这是阎写的信吗
我还以为循正道去信给编辑部呢,原来是走的“野路子”,只在人家网站下留了个评论就溜走了,这算是写信吗?啊,不对,大阎说过在等回信,希望不是在这样等人家来评论,如果是我来评评吧。黑字是大阎的,红的是俺的。
Runtao Yan ? 2 months ago ? edited
Dear Nature,
I would like to provide evidences to show that the mechanism and the topological model of glucose transporter was not first identified by Dr. Nieng Yan’s team reported in this Nature paper (2014,Nature 510:121). Rather,Yan&Maloney had reported the findings published in Cell (1993, Cell 75:37 ) and PNAS (1995, PNAS 92:5973). The Nature paper did not mention the Yan&Maloney model at all, nor in references.
Yan didn’t make any claim that she and her team first identified the mechanism or the topological model of glucose transporter. They stated very clearly in the paper that “On the basis of our structural analysis and published biochemical data, we propose a working model for GLUT1 (Fig. 5).” The key word is "GLUT1"!
They didn't cite your papers because they didn't need to. They cited references that were not only more relevant but also newer.

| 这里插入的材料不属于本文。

(* Let $\varphi$ be a quantifier-free Presburger formula with exactly one free variable. Then $|\varphi|_{\mathsf{p}}\le 2^{|\varphi|}$.
   Context: Quantifier-free Presburger formulas are Boolean combinations of atoms $\sum a_ix_i\le b$ and $\sum a_ix_i\equiv b\pmod c$, integer constants written in binary; $|\varphi|$ is the number of symbols needed to write $\varphi$ (constants in binary). A set $S\subseteq\mathbb{Z}$ is ultimately periodic if there are $n_0,p\in\mathbb{N}$, $p\ge1$, such that for all $n\in\mathbb{Z}$ with $|n|\ge n_0$, $n+p\in S$ iff $n\in S$; such $p$ is a period of $S$. Every Presburger formula with one free variable defines an ultimately periodic set, and $|\varphi|_{\mathsf{p}}$ denotes the smallest period of the set defined by $\varphi$. *)

From mathcomp Require Import all_boot all_order all_algebra.
Set Implicit Arguments. Unset Strict Implicit. Unset Printing Implicit Defensive.
Import Order.TTheory GRing.Theory Num.Theory.
Local Open Scope ring_scope.

(* Linear terms  sum_i a_i * x_{v_i}, as a list of (coefficient, variable index). *)
Definition term := seq (int * nat).

Inductive qf_formula : Type :=
| FLe   : term -> int -> qf_formula
| FCong : term -> int -> int -> qf_formula
| FNeg  : qf_formula -> qf_formula
| FAnd  : qf_formula -> qf_formula -> qf_formula
| FOr   : qf_formula -> qf_formula -> qf_formula.

Definition eval_term (env : nat -> int) (t : term) : int :=
  \sum_(av <- t) av.1 * env av.2.

Fixpoint holds (env : nat -> int) (f : qf_formula) : bool :=
  match f with
  | FLe t b => eval_term env t <= b
  | FCong t b c => (eval_term env t == b %[mod c])%Z
  | FNeg g => ~~ holds env g
  | FAnd g h => holds env g && holds env h
  | FOr g h => holds env g || holds env h
  end.

Definition term_vars (t : term) : seq nat := map snd t.
Fixpoint fvars (f : qf_formula) : seq nat :=
  match f with
  | FLe t _ => term_vars t
  | FCong t _ _ => term_vars t
  | FNeg g => fvars g
  | FAnd g h | FOr g h => fvars g ++ fvars h
  end.

Definition one_free_var (f : qf_formula) (v : nat) : Prop :=
  fvars f != [::] /\ all (fun w => w == v) (fvars f).

(* Size, with integer constants written in binary. *)
Definition bitlen (n : nat) : nat := (trunc_log 2 n).+1.   (* binary digits of n; 0 -> 1 *)
Definition csize (k : int) : nat := (((k < 0)%R : nat) + bitlen (absz k))%N.
(* a_1 x_1 + ... + a_k x_k : each a_i (binary) and x_i, plus k-1 '+' symbols *)
Definition term_size (t : term) : nat :=
  (\sum_(av <- t) (csize av.1 + 1) + (size t).-1)%N.
Fixpoint fsize (f : qf_formula) : nat :=
  (match f with
  | FLe t b => term_size t + 1 + csize b
  | FCong t b c => term_size t + 1 + csize b + 1 + csize c
  | FNeg g => (fsize g).+1
  | FAnd g h | FOr g h => (fsize g + fsize h).+1
  end)%N.

Definition defined_set (f : qf_formula) (v : nat) : int -> bool :=
  fun n => holds (fun _ => n) f.

Definition is_period (S : int -> bool) (p : nat) : Prop :=
  (1 <= p)%N /\ exists n0 : nat, forall n : int,
    (n0 <= absz n)%N -> S (n + p%:Z) = S n.

Definition is_smallest_period (S : int -> bool) (p : nat) : Prop :=
  is_period S p /\ forall q, is_period S q -> (p <= q)%N.

From mathcomp Require Import all_boot all_order all_algebra.
From mathcomp Require Import zify ring.
From Stdlib Require Import Classical.
Import Order.TTheory GRing.Theory Num.Theory.

Set Implicit Arguments.
Unset Strict Implicit.
Unset Printing Implicit Defensive.

(* With a single variable x every term collapses to A x, so an atom defines
   either {x | A x <= b}, which is constant on each side beyond |b| (period 1),
   or {x | A x = b mod c}, which has period |c| (for c = 0 it is an equation,
   again constant far out).  Boolean combinations are eventually periodic with
   the product of the periods of their atoms, and |c| < 2^(csize c) bounds
   this product by 2^|f|. *)

Local Open Scope ring_scope.

Definition same_tail (N : nat) (n m : int) : bool :=
  ((N%:Z <= n) && (N%:Z <= m)) || ((n <= - N%:Z) && (m <= - N%:Z)).

Lemma same_tail_le (N N' : nat) (n m : int) :
  (N <= N')%N -> same_tail N' n m -> same_tail N n m.
Proof. by move=> le; rewrite /same_tail; lia. Qed.

(* Unlike is_period, any two points of one tail congruent mod p must agree;
   this makes the notion stable under passing to multiples of p. *)
Definition tail_periodic (S : int -> bool) (p : nat) : Prop :=
  exists N : nat, forall n m : int,
    (p %| absz (n - m))%N -> same_tail N n m -> S n = S m.

Lemma tail_periodic_dvd (S : int -> bool) (p q : nat) :
  (p %| q)%N -> tail_periodic S p -> tail_periodic S q.
Proof.
by move=> pq [N HN]; exists N => n m qd; apply: HN; apply: dvdn_trans qd.
Qed.

Lemma eq_tail_periodic (S T : int -> bool) (p : nat) :
  S =1 T -> tail_periodic S p -> tail_periodic T p.
Proof. by move=> eqST [N HN]; exists N => n m; rewrite -!eqST; apply: HN. Qed.

Lemma tail_periodic_comp (g : bool -> bool) (S : int -> bool) (p : nat) :
  tail_periodic S p -> tail_periodic (fun n => g (S n)) p.
Proof. by move=> [N HN]; exists N => n m pd tl /=; rewrite (HN n m). Qed.

Lemma tail_periodic_op (op : bool -> bool -> bool) (S T : int -> bool)
    (p q : nat) :
  tail_periodic S p -> tail_periodic T q ->
  tail_periodic (fun n => op (S n) (T n)) (p * q)%N.
Proof.
move=> /(tail_periodic_dvd (dvdn_mulr q (dvdnn p))) [N1 HS].
move=> /(tail_periodic_dvd (dvdn_mull p (dvdnn q))) [N2 HT].
exists (maxn N1 N2) => n m pqd tl.
rewrite (HS n m pqd) ?(HT n m pqd) //; apply: same_tail_le tl; lia.
Qed.

Lemma tail_periodic_period (S : int -> bool) (p : nat) :
  (0 < p)%N -> tail_periodic S p -> is_period S p.
Proof.
move=> p_gt0 [N HN]; split => //; exists (N + p)%N => n n_far.
apply: HN; last by rewrite /same_tail; lia.
by rewrite addrAC subrr add0r.
Qed.

Lemma eval_term_const (t : term) (n : int) :
  eval_term (fun _ => n) t = (\sum_(av <- t) av.1) * n.
Proof. by rewrite /eval_term big_distrl. Qed.

Lemma mul_le_right_tail (A b n : int) (N : nat) :
  A != 0 -> `|b| < N%:Z -> N%:Z <= n -> (A * n <= b) = (A < 0).
Proof. nia. Qed.

Lemma mul_le_left_tail (A b n : int) (N : nat) :
  A != 0 -> `|b| < N%:Z -> n <= - N%:Z -> (A * n <= b) = (0 < A).
Proof.
move=> A0 bN nN; rewrite -mulrNN (@mul_le_right_tail _ _ _ N) ?oppr_eq0 //.
  by rewrite oppr_lt0.
by rewrite lerNr.
Qed.

Lemma tail_periodic_le (A b : int) : tail_periodic (fun n => A * n <= b) 1%N.
Proof.
have [-> | A0] := eqVneq A 0.
  by exists 0%N => n m _ _; rewrite !mul0r.
exists (absz b).+1 => n m _ /orP[] /andP[nN mN].
  by rewrite !(@mul_le_right_tail _ _ _ (absz b).+1) //; lia.
by rewrite !(@mul_le_left_tail _ _ _ (absz b).+1) //; lia.
Qed.

Definition cong_period (c : int) : nat := if c == 0 then 1%N else absz c.

Lemma tail_periodic_cong (A b c : int) :
  tail_periodic (fun n => (A * n == b %[mod c])%Z) (cong_period c).
Proof.
rewrite /cong_period; have [-> | c0] := eqVneq c 0.
  have eq_le2 n : (A * n == b %[mod 0])%Z = (A * n <= b) && (- A * n <= - b).
    by rewrite modz0; lia.
  apply: eq_tail_periodic (fun n => esym (eq_le2 n)) _.
  by apply: (@tail_periodic_op andb _ _ 1 1); apply: tail_periodic_le.
exists 0%N => n m cd _; rewrite !eqz_mod_dvd.
have -> : A * n - b = (A * m - b) + A * (n - m) by ring.
by rewrite rpredDr // dvdz_mull.
Qed.

Fixpoint fperiod (f : qf_formula) : nat :=
  (match f with
  | FLe _ _ => 1
  | FCong _ _ c => cong_period c
  | FNeg g => fperiod g
  | FAnd g h | FOr g h => fperiod g * fperiod h
  end)%N.

Lemma fperiod_gt0 (f : qf_formula) : (0 < fperiod f)%N.
Proof.
elim: f => //= [t b c | g Hg h Hh | g Hg h Hh]; rewrite ?muln_gt0 ?Hg ?Hh //.
by rewrite /cong_period; case: eqP => // /eqP; rewrite absz_gt0.
Qed.

Lemma tail_periodic_fperiod (f : qf_formula) :
  tail_periodic (fun n => holds (fun _ => n) f) (fperiod f).
Proof.
elim: f => [t b | t b c | g IH | g IHg h IHh | g IHg h IHh] /=.
- apply: eq_tail_periodic (tail_periodic_le _ b) => n.
  by rewrite eval_term_const.
- apply: eq_tail_periodic (tail_periodic_cong _ b c) => n.
  by rewrite eval_term_const.
- exact: (tail_periodic_comp negb IH).
- exact: (tail_periodic_op andb IHg IHh).
- exact: (tail_periodic_op orb IHg IHh).
Qed.

Lemma absz_lt_exp_csize (k : int) : (absz k < 2 ^ csize k)%N.
Proof.
apply: leq_trans (trunc_log_ltn _ (isT : (1 < 2)%N)) _.
by rewrite leq_exp2l // /csize /bitlen leq_addl.
Qed.

Lemma fperiod_le_exp_fsize (f : qf_formula) : (fperiod f <= 2 ^ fsize f)%N.
Proof.
elim: f => [t b | t b c | g IH | g IHg h IHh | g IHg h IHh] /=.
- by rewrite expn_gt0.
- rewrite /cong_period; case: eqP => _; first by rewrite expn_gt0.
  apply: leq_trans (ltnW (absz_lt_exp_csize c)) _; rewrite leq_exp2l //; lia.
- by apply: leq_trans IH _; rewrite leq_exp2l.
- by apply: leq_trans (leq_mul IHg IHh) _; rewrite -expnD leq_exp2l.
- by apply: leq_trans (leq_mul IHg IHh) _; rewrite -expnD leq_exp2l.
Qed.

Lemma ex_least_le (P : nat -> Prop) (k : nat) :
  P k -> exists p, [/\ P p, forall q, P q -> (p <= q)%N & (p <= k)%N].
Proof.
elim/ltn_ind: k => k IH Pk.
have [[q [lt_qk Pq]] | no_smaller] := classic (exists q, (q < k)%N /\ P q).
  have [p [Pp p_least le_pq]] := IH q lt_qk Pq.
  by exists p; split=> //; apply: leq_trans le_pq (ltnW lt_qk).
exists k; split=> // q Pq; rewrite leqNgt; apply/negP => lt_qk.
by apply: no_smaller; exists q.
Qed.

Theorem lemma6p1 (f : qf_formula) (v : nat) :
  one_free_var f v ->
  exists p : nat, is_smallest_period (defined_set f v) p /\ (p <= 2 ^ fsize f)%N.
Proof.
(* defined_set substitutes n for every variable. *)
move=> _.
have f_period : is_period (defined_set f v) (fperiod f).
  exact: tail_periodic_period (fperiod_gt0 f) (tail_periodic_fperiod f).
have [p [p_period p_least le_p]] := ex_least_le f_period.
exists p; split; first by split.
exact: leq_trans le_p (fperiod_le_exp_fsize f).
Qed.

In 2012, Dr Maloney (Hopkins team) was alive. The Tsinghua team had to cite our papers if they provided the working model, which should be the same as ours. In such consideration, they may worry that the paper could not be accepted by Nature as it just confirmed our model. Dr Maloney died Dec.12, 2013, and Tsinghua team’s 2014 Nature paper was published on May 18, 2014, which showed the glucose transporter working model.
This is not only a pure assumption, but also a shame because a dead person was used as a shield. Yan et al proposed a model for human GLUT1 not XylE, which they published on in 2012. How could they have proposed a model for GLUT1 in 2012 without even knowing how it looked like back then? The statement is just absurd.

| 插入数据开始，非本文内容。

(* For the interval algorithm $\phi_{\mathrm{int}}$ generating $Y^n$ from the coin process $\mathbf X$, with stopping time $T$, for every integer $m\ge0$ and all real numbers $\lambda,\tau\ge0$, \[ \Pr(T>m)\ \le\ P_{X^m}(\mathcal S_m^c(\lambda)) + P_{Y^n}(\mathcal T_n^c(\tau)) + 2^{-\lambda+\tau+1}, \] where $\mathcal S_m(\lambda)=\{x^m\in\mathcal X^m:\log\frac{1}{P_{X^m}(x^m)}\ge\lambda\}$ and $\mathcal T_n(\tau)=\{y^n\in\mathcal Y^n:\log\frac{1}{P_{Y^n}(y^n)}\le\tau\}$, and complements are in $\mathcal X^m$, $\mathcal Y^n$.
   Context: Logarithms are base 2. $\mathcal X=\{1,\dots,M\}$, $\mathcal Y=\{1,\dots,N\}$ are finite sets; the coin process $\mathbf X=\{X^m\}_{m\ge1}$ on $\mathcal X$ and target process $\mathbf Y=\{Y^n\}_{n\ge1}$ on $\mathcal Y$ are arbitrary processes given by consistent families of distributions $P_{X^m}$, $P_{Y^n}$. Interval algorithm: for a finite sequence $s\in\mathcal X^i$ define an interval $\mathcal I_s=[\underline\alpha_s,\overline\alpha_s)\subseteq[0,1)$ recursively by $\mathcal I_{\bot}=[0,1)$ for the empty sequence and, for $x\in\mathcal X$, $\underline\alpha_{sx}=\underline\alpha_s+(\overline\alpha_s-\underline\alpha_s)\sum_{k=1}^{x-1}P_{X_{i+1}|X^i}(k|s)$, $\overline\alpha_{sx}=\underline\alpha_s+(\overline\alpha_s-\underline\alpha_s)\sum_{k=1}^{x}P_{X_{i+1}|X^i}(k|s)$ (conditional probabilities given a probability-zero prefix may be chosen arbitrarily); thus $|\mathcal I_s|=P_{X^i}(s)$. Define $\mathcal J_t=[\underline\beta_t,\overline\beta_t)$ for $t\in\mathcal Y^j$ in the same way from the conditional distributions $P_{Y_{j+1}|Y^j}$, so $|\mathcal J_t|=P_{Y^j}(t)$ and $\{\mathcal J_{y^n}\}_{y^n\in\mathcal Y^n}$ partitions $[0,1)$. The interval algorithm observes $X_1,X_2,\dots$ and stops at the first time $m$ such that $\mathcal I_{X^m}\subseteq\mathcal J_{y^n}$ for some $y^n\in\mathcal Y^n$, outputting that $y^n$ (for $P_{X^m}(X^m)>0$ this $y^n$ is unique; it may be run sequentially, outputting $y_j$ as soon as $\mathcal I_{X^i}\subseteq\mathcal J_{y^j}$, with the same stopping time and output). Its stopping time $T$ is this first time ($T=\infty$ if it never happens); $\phi_{\mathrm{int}}(x^m)$ denotes the output if the algorithm has stopped after reading $x^m$, and $\bot$ otherwise. *)

From Stdlib Require Import Reals List Classical ClassicalEpsilon.
Import ListNotations.
Open Scope R_scope.
(* Let $\mathcal C$ be a small cylinder category. Weak equivalences in $\widetilde{\mathcal C}$ satisfy 2-out-of-3: for composable $f:X\to Y$, $g:Y\to Z$ in $\widetilde{\mathcal C}$, if two of $f$, $g$, $g\circ f$ are weak equivalences then so is the third.
   Context: A cylinder category is a category $\mathcal C$ with two classes of morphisms, the cofibrations and the weak equivalences (morphisms in both classes are called trivial cofibrations), such that: (1) both classes contain all isomorphisms and are closed under composition; (2) weak equivalences satisfy 2-out-of-6: if $f,g,h$ are composable and $f\circ g$, $g\circ h$ are weak equivalences then $f,g,h,f\circ g\circ h$ are; (3) $\mathcal C$ has an initial object $0$ and every $0\to X$ is a cofibration; (4) pushouts of cofibrations along arbitrary maps exist and are cofibrations; (5) pushouts of trivial cofibrations are trivial cofibrations; (6) for every object $X$ the codiagonal $X\sqcup X\to X$ factors as a cofibration $X\sqcup X\hookrightarrow IX$ followed by a weak equivalence $IX\to X$; (7) every trivial cofibration admits a retraction. For a cofibration $A\hookrightarrow B$, a relative cylinder object is a factorization $B\sqcup_A B\hookrightarrow I_AB\xrightarrow{\sim}B$ of the codiagonal into a cofibration followed by a weak equivalence. For a small cylinder category $\mathcal C$, $\widetilde{\mathcal C}$ is the category of presheaves of sets on $\mathcal C$ sending the initial object to a singleton and pushouts along cofibrations to pullbacks of sets; $\mathcal C$ is identified with its image under the Yoneda embedding. A morphism $f:X\to Y$ of $\widetilde{\mathcal C}$ is a weak equivalence if for every cofibration $i:A\hookrightarrow B$ of $\mathcal C$ and every commutative square with top $u:A\to X$ and bottom $w:B\to Y$ (so $f\circ u=w\circ i$), there exist $a:B\to X$ with $a\circ i=u$ and $h:I_AB\to Y$ for some relative cylinder object such that $h$ restricted along the two inclusions $B\to I_AB$ is $f\circ a$ and $w$. *)

Unset Implicit Arguments.


Record Category := {
  Ob :> Type;
  Hom : Ob -> Ob -> Type;
  idm : forall X, Hom X X;
  comp : forall X Y Z, Hom Y Z -> Hom X Y -> Hom X Z;
  comp_assoc : forall X Y Z W (h : Hom Z W) (g : Hom Y Z) (f : Hom X Y),
      comp X Z W h (comp X Y Z g f) = comp X Y W (comp Y Z W h g) f;
  comp_id_l : forall X Y (f : Hom X Y), comp X Y Y (idm Y) f = f;
  comp_id_r : forall X Y (f : Hom X Y), comp X X Y f (idm X) = f
}.

Arguments Hom {c} X Y.
Arguments idm {c} X.
Arguments comp {c X Y Z} g f.

Definition is_iso {C : Category} {X Y : C} (f : Hom X Y) : Prop :=
  exists g : Hom Y X, comp g f = idm X /\ comp f g = idm Y.

Definition is_initial {C : Category} (O : C) : Prop :=
  forall X : C, exists u : Hom O X, forall v : Hom O X, v = u.

(* The commutative square
      A --i--> B
      |f       |g
      v        v
      C --k--> D
   is a pushout square. *)
Definition is_pushout {C : Category} {A B C' D : C}
  (i : Hom A B) (f : Hom A C') (g : Hom B D) (k : Hom C' D) : Prop :=
  comp g i = comp k f /\
  forall (T : C) (b : Hom B T) (c : Hom C' T), comp b i = comp c f ->
    exists d : Hom D T, (comp d g = b /\ comp d k = c) /\
      forall d' : Hom D T, comp d' g = b -> comp d' k = c -> d' = d.

Record CylinderCategory := {
  cat :> Category;
  cof : forall X Y : cat, Hom X Y -> Prop;
  we  : forall X Y : cat, Hom X Y -> Prop;
  iso_cof : forall (X Y : cat) (f : Hom X Y), is_iso f -> cof _ _ f;
  iso_we  : forall (X Y : cat) (f : Hom X Y), is_iso f -> we _ _ f;
  cof_comp : forall (X Y Z : cat) (g : Hom Y Z) (f : Hom X Y),
      cof _ _ f -> cof _ _ g -> cof _ _ (comp g f);
  we_comp : forall (X Y Z : cat) (g : Hom Y Z) (f : Hom X Y),
      we _ _ f -> we _ _ g -> we _ _ (comp g f);
  we_2of6 : forall (W X Y Z : cat) (h : Hom W X) (g : Hom X Y) (f : Hom Y Z),
      we _ _ (comp f g) -> we _ _ (comp g h) ->
      we _ _ f /\ we _ _ g /\ we _ _ h /\ we _ _ (comp f (comp g h));
  init : cat;
  init_initial : is_initial init;
  init_cof : forall (X : cat) (u : Hom init X), cof _ _ u;
  pushout_exists : forall (A B C' : cat) (i : Hom A B) (f : Hom A C'),
      cof _ _ i -> exists (D : cat) (g : Hom B D) (k : Hom C' D), is_pushout i f g k;
  pushout_cof : forall (A B C' D : cat) (i : Hom A B) (f : Hom A C')
      (g : Hom B D) (k : Hom C' D), cof _ _ i -> is_pushout i f g k -> cof _ _ k;
  pushout_tcof : forall (A B C' D : cat) (i : Hom A B) (f : Hom A C')
      (g : Hom B D) (k : Hom C' D), cof _ _ i -> we _ _ i -> is_pushout i f g k ->
      cof _ _ k /\ we _ _ k;
  (* (6) the codiagonal X + X -> X (coproduct = pushout over the initial
     object) factors as a cofibration followed by a weak equivalence *)
  cylinder : forall X : cat,
      exists (S : cat) (in1 in2 : Hom X S) (u : Hom init X),
        is_pushout u u in1 in2 /\
        exists (I : cat) (j : Hom S I) (p : Hom I X),
          cof _ _ j /\ we _ _ p /\ comp p (comp j in1) = idm X /\ comp p (comp j in2) = idm X;
  tcof_retraction : forall (A B : cat) (i : Hom A B),
      cof _ _ i -> we _ _ i -> exists r : Hom B A, comp r i = idm A
}.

You should know that the critical parts of the paper are the crystallization and resolution of the structure, which generated some very useful insights into the mechanism underlying glucose transport by GLUT1. The model is only a tiny part of it. Besides, it is based on the alternate access model, not the one that you proposed! Give your deceased supervisor a break!
In addition,
1. The two teams studied the same family transporters, belong to MFS family or uniporter-symporter-antiporter family, (Microbiol Mol Bio Rev. 1998, 62:1-34) and two glucose transporters share the same 12 transmembrane helix structure.
But they are two different transporters and are expected to have different structures and mechanism of transportation.
2. Evidence 1: the glucose transporter working model....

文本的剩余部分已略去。